# Lee Pro 1000 primer improvement



## MOGLEY (Dec 20, 2005)

Has anyone heard wether or not Lee has improved their pro 1000 primer feed system? Read the reviews. Searched till my eyes are coming out and now I am down to wishfull thinking. I have a loadmaster for the 45acp and really like it. I have no problems with it. Decided to get a used pro 1000 for my 38 loads and what a time I am having with the primer feed. I am debating getting a 38 shellplate for my loadmaster or try a new primer feed system for my pro 1000. I don't want to throw good money after bad. I hope someone has been in the same pickle as me and found a solution. 
I know dillon is out there and is the cure all to end all but the idea of reloading is to save money and not a 20 year pay off time line. Thanks for any info or insight.


----------



## Whelen35 (Mar 9, 2004)

The trick with the lee 1000 is to get a system of reloading where you give the primer feed a rap every 3 to 4 cycles. If you feel something is not right, stop and find out why.
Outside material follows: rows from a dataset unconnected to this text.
Definition well_posed : Prop :=
  [/\ forall n (s : 'I_T), measurable_fun setT
        (fun p : Xt sys n * Wt sys n s * Ut sys n s => dyn sys p.1.1 p.1.2 p.2),
      forall n (s : 'I_T) (h : 'I_nH), measurable_fun setT
        (fun p : Wt sys n s * Ut sys n s => bal sys p.1 p.2 h),
      forall n (s : 'I_T), measurable
        [set p : Xt sys n * Wt sys n s * Ut sys n s | box sys p.1.1 p.1.2 p.2],
      forall n (k : 'I_T.+1), measurable (Xset sys n k) &
    [/\ forall n (s : 'I_T), measurable_fun setT
        (fun p : Xt sys n * Wt sys n s * Ut sys n s => Lnode sys p.1.1 p.1.2 p.2 : \bar R),
      forall a (s : 'I_T), measurable_fun setT
        (fun t : nH.-tuple R => Larc sys a s (fun h => tnth t h)),
      forall n, measurable_fun setT (@Kfin _ _ _ _ _ _ _ _ sys n) &
      [/\ forall n s x w u, Lnode sys (n := n) (s := s) x w u != -oo%E,
          forall a s q, Larc sys a s q != -oo%E &
          forall n x, Kfin sys (n := n) x != -oo%E]]].

Variables (dO : measure_display) (Omega : measurableType dO)
  (P : probability Omega R).

Variable W : forall n (s : 'I_T), Omega -> Wt sys n s.

Definition sigmaW (s : 'I_T) : set (set Omega) :=
  <<s [set E | exists n (B : set (Wt sys n s)), measurable B /\ E = W n s @^-1` B] >>.

Definition weekly_independent : Prop :=
  forall E : 'I_T -> set Omega, (forall s, sigmaW s (E s)) ->
    P (\bigcap_(s in [set: 'I_T]) E s) = (\prod_(s < T) P (E s))%E.

Definition info (s' : 'I_T) : set (set Omega) :=
  <<s [set E | exists n (r : 'I_T) (B : set (Wt sys n r)),
        (r <= s')%N /\ measurable B /\ E = W n r @^-1` B] >>.

Definition measurable_wrt {dY : measure_display} {Ym : measurableType dY}
    (F : set (set Omega)) (f : Omega -> Ym) : Prop :=
  forall B : set Ym, measurable B -> F (f @^-1` B).

Fixpoint traj (n : N) (x0 : Xt sys n) (U : forall s : 'I_T, Omega -> Ut sys n s)
    (k : nat) (w : Omega) : Xt sys n :=
  match k with
  | 0 => x0
  | k'.+1 =>
    match insub k' with
    | Some s => dyn sys (traj x0 U k' w) (W n s w) (U s w)
    | None => traj x0 U k' w
    end
  end.

(* nodal admissibility: information constraints, a.s. balance, box and state
   constraints, and integrability (so that the expectations make sense) *)
Definition node_admissible (n : N) (x0 : Xt sys n)
    (U : forall s : 'I_T, Omega -> Ut sys n s) (F : 'I_T -> Omega -> 'I_nH -> R)
    : Prop :=
  [/\ forall s, measurable_wrt (info s) (U s),
      forall (s : 'I_T) (h : 'I_nH), measurable_wrt (info s) (fun w => F s w h),
      {ae P, forall w, (forall s : 'I_T,
          bal sys (W n s w) (U s w) = F s w
          /\ box sys (traj x0 U s w) (W n s w) (U s w))},
      {ae P, forall w, (forall k : 'I_T.+1, Xset sys n k (traj x0 U k w))} &
      [/\ forall s : 'I_T, P.-integrable setT
            (fun w => Lnode sys (traj x0 U s w) (W n s w) (U s w)),
          P.-integrable setT (fun w => Kfin sys (traj x0 U T w)) &
          forall (s : 'I_T) (h : 'I_nH), P.-integrable setT (fun w => (F s w h)%:E)]].

Definition pairing (l f : 'I_nH -> R) : R := \sum_(h < nH) l h * f h.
Don't ever try to force the lee. The loadmaster primer feeding system is much better, but make shure you have a few extra primer slides for when they get tweeked, the primer system will start to fail. I gave my lee 1000 to someone who could use it after I purchased the loadmaster. I also have a dillon 550B and really like it, but I still load most of my handgun reloads on the loadmaster. When I can find a pistol powder measure on e-bay for about $10-12 I grab it. Having a tool head all set and ready to go is fast and easy. The dillon is not as easy, but with a few extra powder dies set up it is fairly quick, but still a bit more than the lee. When the Dillon is set, the ONLY time you stop is to fill up primers and powder. It never stops or misses a primer.


----------